Please reply with one number only: how many lines in the entries below contain the string "that".

Collected data entries:
--------------------------------------------------

(* Observability turns the Toeplitz identity into Stein equations for
   [Q = P3 + P2 - P1], which say exactly that [M1 M1^* = M2 M2^*] for
   [M1 = [Ups B1; 0 D1]] and [M2 = [A Ups, B2 B3; Cm Ups, D2 D3]].  With the
   weight [W = diag(Y, I)], positive definite by observability, the "lurking
   isometry" [U = (M1^* W M1)^+ M1^* W M2] is a partial isometry solving
   [M1 U = M2].  The blocks of [M1 U = M2] are intertwinings that give
   [G X = K] and [G Psi = F] on the disc; contractivity of [U] passes to the
   realizations, and stability of [A] makes [1 - z alpha] invertible for
   [|z| <= 1], which yields stable rational functions via Cramer's rule. *)

From mathcomp Require Import all_boot all_order all_algebra complex reals.
Set Implicit Arguments.
Unset Strict Implicit.
Unset Printing Implicit Defensive.
Import Order.TTheory GRing.Theory Num.Theory.
Local Open Scope ring_scope.

Section Adjoint.
Variable C : numClosedFieldType.

Lemma adjmxE m n (M : 'M[C]_(m, n)) i j : adjmx M i j = (M j i)^*.
Proof. by rewrite !mxE. Qed.

Lemma adjmxK m n (M : 'M[C]_(m, n)) : adjmx (adjmx M) = M.
Proof. by apply/matrixP=> i j; rewrite !adjmxE conjCK. Qed.

Lemma adjmxM m n k (M : 'M[C]_(m, n)) (N : 'M[C]_(n, k)) :
  adjmx (M *m N) = adjmx N *m adjmx M.
Proof. by rewrite /adjmx map_mxM trmx_mul. Qed.

Lemma adjmxD m n (M N : 'M[C]_(m, n)) : adjmx (M + N) = adjmx M + adjmx N.
Proof. by rewrite /adjmx map_mxD linearD. Qed.

Lemma adjmxB m n (M N : 'M[C]_(m, n)) : adjmx (M - N) = adjmx M - adjmx N.
Proof. by rewrite /adjmx map_mxB linearB. Qed.

Lemma adjmxZ m n (z : C) (M : 'M[C]_(m, n)) : adjmx (z *: M) = z^* *: adjmx M.
Proof. by rewrite /adjmx map_mxZ linearZ. Qed.

Lemma adjmx0 m n : adjmx (0 : 'M[C]_(m, n)) = 0.
Proof. by rewrite /adjmx map_mx0 trmx0. Qed.

Lemma adjmx1 n : adjmx (1%:M : 'M[C]_n) = 1%:M.
Proof. by rewrite /adjmx map_mx1 trmx1. Qed.

Lemma adjmxX n (M : 'M[C]_n) k : adjmx (M ^+ k) = adjmx M ^+ k.
Proof.
elim: k => [|k IHk]; first by rewrite !expr0 adjmx1.
by rewrite exprS -mulmxE adjmxM IHk mulmxE -exprSr.
Qed.

Lemma adjmx_block m1 m2 n1 n2 (a : 'M[C]_(m1, n1)) (b : 'M[C]_(m1, n2))
  (c : 'M[C]_(m2, n1)) (d : 'M[C]_(m2, n2)) :
  adjmx (block_mx a b c d) = block_mx (adjmx a) (adjmx c) (adjmx b) (adjmx d).
Proof. by rewrite /adjmx map_block_mx tr_block_mx. Qed.

Lemma adjmx_row m n1 n2 (a : 'M[C]_(m, n1)) (b : 'M[C]_(m, n2)) :
  adjmx (row_mx a b) = col_mx (adjmx a) (adjmx b).
Proof. by rewrite /adjmx map_row_mx tr_row_mx. Qed.

Lemma adjmx_col m1 m2 n (a : 'M[C]_(m1, n)) (b : 'M[C]_(m2, n)) :
  adjmx (col_mx a b) = row_mx (adjmx a) (adjmx b).
Proof. by rewrite /adjmx map_col_mx tr_col_mx. Qed.

End Adjoint.

Section SquaredNorm.
Variable C : numClosedFieldType.

Definition sqnorm n (v : 'cV[C]_n) : C := (adjmx v *m v) 0 0.

Lemma sqnormE n (v : 'cV[C]_n) : sqnorm v = \sum_i v i 0 * (v i 0)^*.
Proof. by rewrite /sqnorm mxE; apply: eq_bigr => i _; rewrite adjmxE mulrC. Qed.

Lemma sqnorm_ge0 n (v : 'cV[C]_n) : 0 <= sqnorm v.
Proof. by rewrite sqnormE sumr_ge0 // => i _; rewrite mul_conjC_ge0. Qed.

Lemma sqnorm_eq0 n (v : 'cV[C]_n) : sqnorm v = 0 -> v = 0.
Proof.
rewrite sqnormE => /psumr_eq0P v0; apply/matrixP => i j; rewrite (ord1 j) mxE.
apply/eqP; rewrite -mul_conjC_eq0; apply/eqP/v0 => // k _.
by rewrite mul_conjC_ge0.
Qed.

Lemma sqnorm0 n : sqnorm (0 : 'cV[C]_n) = 0.
Proof. by rewrite /sqnorm mulmx0 mxE. Qed.

Lemma sqnorm_col n1 n2 (a : 'cV[C]_n1) (b : 'cV[C]_n2) :
  sqnorm (col_mx a b) = sqnorm a + sqnorm b.
Proof. by rewrite /sqnorm adjmx_col mul_row_col mxE. Qed.

Lemma sqnormZ n (z : C) (v : 'cV[C]_n) : sqnorm (z *: v) = z^* * z * sqnorm v.
Proof. by rewrite /sqnorm adjmxZ -scalemxAl -scalemxAr !mxE mulrA. Qed.

Lemma mulmx_adj_eq0 m n (X : 'M[C]_(m, n)) : X *m adjmx X = 0 -> X = 0.
Proof.
move=> XX0; apply/matrixP => i j; rewrite mxE.
have : (X *m adjmx X) i i = 0 by rewrite XX0 mxE.
rewrite mxE => /psumr_eq0P Xi0; apply/eqP; rewrite -mul_conjC_eq0; apply/eqP.
by rewrite -adjmxE; apply: Xi0 => // k _; rewrite adjmxE mul_conjC_ge0.
Qed.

--------------------------------------------------

Solution to the problem:
2